I use Brembo crossdrilled/slotted rotors I bought from Forum Racing for $180 with stock calipurs, they are good enough for me  they look good, I don't really notice a difference tho from every day driving, I never tracked my car, with stock brakes or brembos to really know..... I don't really care about performance anyway ;( my car is fast enough, I beat every other car I ever raced.... I had some dude surprised on tuesday cause he had his Rustang GT and told me my car was fast @ the red light cause he saw me gunnin it about 300 yards back... I thought nothing of it but come green light he punched it i guess he wanted to race so I had like a 1 sec delay but by the time I hit 3rd I was already ahead of him even with his head start  then I had to turn off and he just kinda threw up a peace sign shaking his head in shame


----------



## scopedog (Jun 15, 2003)

I dont have ABS either. What kind of feedback were you expecting? I think its great for a 4 wheel disc none ABS car.


----------



## sr20dem0n (Mar 19, 2003)

scopedog said:


> *I dont have ABS either. What kind of feedback were you expecting? I think its great for a 4 wheel disc none ABS car. *


ditto, the first time I ever drove it I just about sent myself and my dad through the windshield. They're very responsive and powerful, just go drive a truck for a day and come back to it. Also, I consider ANY stock brakes that can do a panic stop from 100+ to 0 with ZERO fade pretty damn good stock brakes, especially for a sub-$15k car (in my case)


----------



## FletchSpecV (Nov 26, 2002)

sr20dem0n said:


> *ditto, the first time I ever drove it I just about sent myself and my dad through the windshield. They're very responsive and powerful, just go drive a truck for a day and come back to it. Also, I consider ANY stock brakes that can do a panic stop from 100+ to 0 with ZERO fade pretty damn good stock brakes, especially for a sub-$15k car (in my case) *


I agree. I personally can't stand ABS. I feel like you have less control because even though you can steer you aren't stopping, . Besides, you've never heard anyone say that ABS brakes are _better_ just that they allow you to turn while braking. I love my spec's brakes. Later,
Fletch


----------



## Greymulkin (Jun 27, 2003)

Yo CornNut where is this Forum Racing website. 

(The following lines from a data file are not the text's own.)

Lemma astar_eigenbasis i : (i <= d)%N ->
  astar X theta Es thst i = N (inord i) (inord i).
Proof.
move=> hi; rewrite /astar (primIdem_eigenbasis theta_inj XW) // dual_eigenbasis.
rewrite !mulmxA mulmxKV // mxtrace_mulC !mulmxA mulVmx // mul1mx.
by rewrite mxtrace_delta.
Qed.

End DualInEigenbasis.

Section ZeroPattern.
Variables (F : fieldType) (n : nat).

Lemma commute_diag_is_diag (G : 'M[F]_n) (e : 'rV[F]_n) :
  injective (e 0) -> diag_mx e *m G = G *m diag_mx e -> is_diag_mx G.
Proof.
move=> e_inj eG; apply/is_diag_mxP => i j ij.
have /eqP := congr1 (fun X : 'M_n => X i j) eG.
rewrite mul_diag_mx mul_mx_diag !mxE mulrC -subr_eq0 -mulrBr mulf_eq0 subr_eq0.
by case/orP => [/eqP // | /eqP /e_inj ij0]; rewrite ij0 eqxx in ij.
Qed.

(* Let diag(k) (invertible) symmetrize M, i.e. M^T diag(k) = diag(k) M, and let U
   diagonalize M with distinct eigenvalues.  Then any N similar through U to a
   diagonal matrix, diag(t) U = U N, has a symmetric zero pattern: the Gram matrix
   G = U^T diag(k) U is diagonal and invertible, and G N is symmetric. *)
Lemma symmetrizable_zero_pattern (M U N : 'M[F]_n) (k e t : 'rV[F]_n) :
  injective (e 0) -> (forall i, k 0 i != 0) -> U \in unitmx ->
  M^T *m diag_mx k = diag_mx k *m M -> M *m U = U *m diag_mx e ->
  diag_mx t *m U = U *m N ->
  forall i j, (N i j == 0) = (N j i == 0).
Proof.
move=> e_inj k_neq0 Uu MK MU UN i j.
pose G := U^T *m diag_mx k *m U.
have /diag_mxP [g Gg] : is_diag_mx G.
  apply: (commute_diag_is_diag e_inj).
  have eUt : diag_mx e *m U^T = U^T *m M^T.
    by rewrite -[diag_mx e]tr_diag_mx -trmx_mul -MU trmx_mul.
  by rewrite /G !mulmxA eUt -(mulmxA U^T) MK !mulmxA -(mulmxA _ M) MU !mulmxA.
have g_neq0 l : g 0 l != 0.
  have : G \in unitmx.
    rewrite /G !unitmx_mul unitmx_tr Uu unitmxE det_diag unitfE andbT.
    by apply/prodf_neq0 => m _.
  by rewrite Gg unitmxE det_diag unitfE => /prodf_neq0; apply.
have GN_sym : (G *m N)^T = G *m N.
  have -> : G *m N = U^T *m diag_mx (\row_l (k 0 l * t 0 l)) *m U.
    by rewrite /G -mulmxA -UN !mulmxA -mulmx_diag mulmxA.
  by rewrite !trmx_mul trmxK tr_diag_mx mulmxA.
have GNe l m : (G *m N) l m = g 0 l * N l m by rewrite Gg mul_diag_mx mxE.
rewrite -(mulrI_eq0 _ (mulfI (g_neq0 i))) -GNe -GN_sym mxE GNe.
exact: mulrI_eq0 (mulfI (g_neq0 j)).
Qed.

End ZeroPattern.

(* The tridiagonal matrix with diagonal a, superdiagonal b and subdiagonal c:
   it is the matrix of A in a feasible basis, read column by column. *)
Section Tridiagonal.
Variables (F : fieldType) (d : nat) (a b c : nat -> F).

Definition tridiag_entry (i j : nat) : F :=
  (if j == i.+1 then b i else 0) + (if j == i then a i else 0)
  + (if j.+1 == i then c i else 0).

Definition tridiag : 'M[F]_d.+1 := \matrix_(i, j) tridiag_entry i j.

Lemma tridiag_entry_super i : tridiag_entry i i.+1 = b i.
Proof.
rewrite /tridiag_entry eqxx.
have [-> ->] : (i.+1 == i) = false /\ (i.+2 == i) = false by split; lia.
by rewrite !addr0.
Qed.

Lemma tridiag_entry_sub i : tridiag_entry i.+1 i = c i.+1.
Proof.
rewrite /tridiag_entry eqxx.
have [-> ->] : (i == i.+2) = false /\ (i == i.+1) = false by split; lia.
by rewrite !add0r.
Qed.

Lemma tridiag_row (x : 'cV[F]_d.+1) (i : 'I_d.+1) :
  (tridiag *m x) i 0 =
  (if (i.+1 < d.+1)%N then b i * x (inord i.+1) 0 else 0) + a i * x (inord i) 0
  + (if (i : nat) is i'.+1 then c i * x (inord i') 0 else 0).
Proof.
rewrite mxE.
transitivity (\sum_(k < d.+1)
  ((if (k : nat) == i.+1 then b i * x (inord k) 0 else 0)
   + (if (k : nat) == i then a i * x (inord k) 0 else 0)
   + (if (i : nat) is i'.+1 then
        (if (k : nat) == i' then c i * x (inord k) 0 else 0) else 0))).
  apply: eq_bigr => k _; rewrite mxE /tridiag_entry inord_val !mulrDl.
  case: (nat_of_ord i) => [|i'] /=; last rewrite eqSS;
    by do !case: (_ == _); rewrite ?mul0r.
rewrite !big_split /= (sum_ord_pick _ _ (fun k => b i * x (inord k) 0))
  (sum_ord_pick _ _ (fun k => a i * x (inord k) 0)) ltn_ord.
case: i => [[|i'] hi] /=; first by rewrite big1.
by rewrite (sum_ord_pick _ _ (fun k => c i'.+1 * x (inord k) 0)) (ltnW hi).
Qed.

I want to get the same rotors as u!!!!!!!!

AAAAAAAAAAAAAAAAAAA!!!!!!!!!!


----------



## HATEnFATE (Dec 24, 2002)

Nissan designed the new SE-R like that Because they wanted ALL the Nissans to look alike and have a family resemblence...STUPID DESICION...I think Nissan killed their auto sales for 04....hopefully people will see past Nissan stupididty and buy the car and then QUICKLY put on an aftermarket body kit----it just saddens me that a company would kill such a great design..........(Nissan calls the Grill "the Nissan TOOTH", whats up with that? I don't want a bucked-tooth car!)


----------



## CorNut (Apr 6, 2003)

well, i actually bought them through ebay from forum racing... but, I went down there and checked out their factory and hung out a bit when I went to get them... I also had them zinc/silver plate my rotors... here is a link to one of their auctions... http://cgi.ebay.com/ebaymotors/ws/eBayISAPI.dll?ViewItem&category=33564&item=2423265971 I know a lot of people are afraid of ebay but everything I ever did to my car is from ebay  these ppl r legit too, btw, i bet I can get them for less than 180......


----------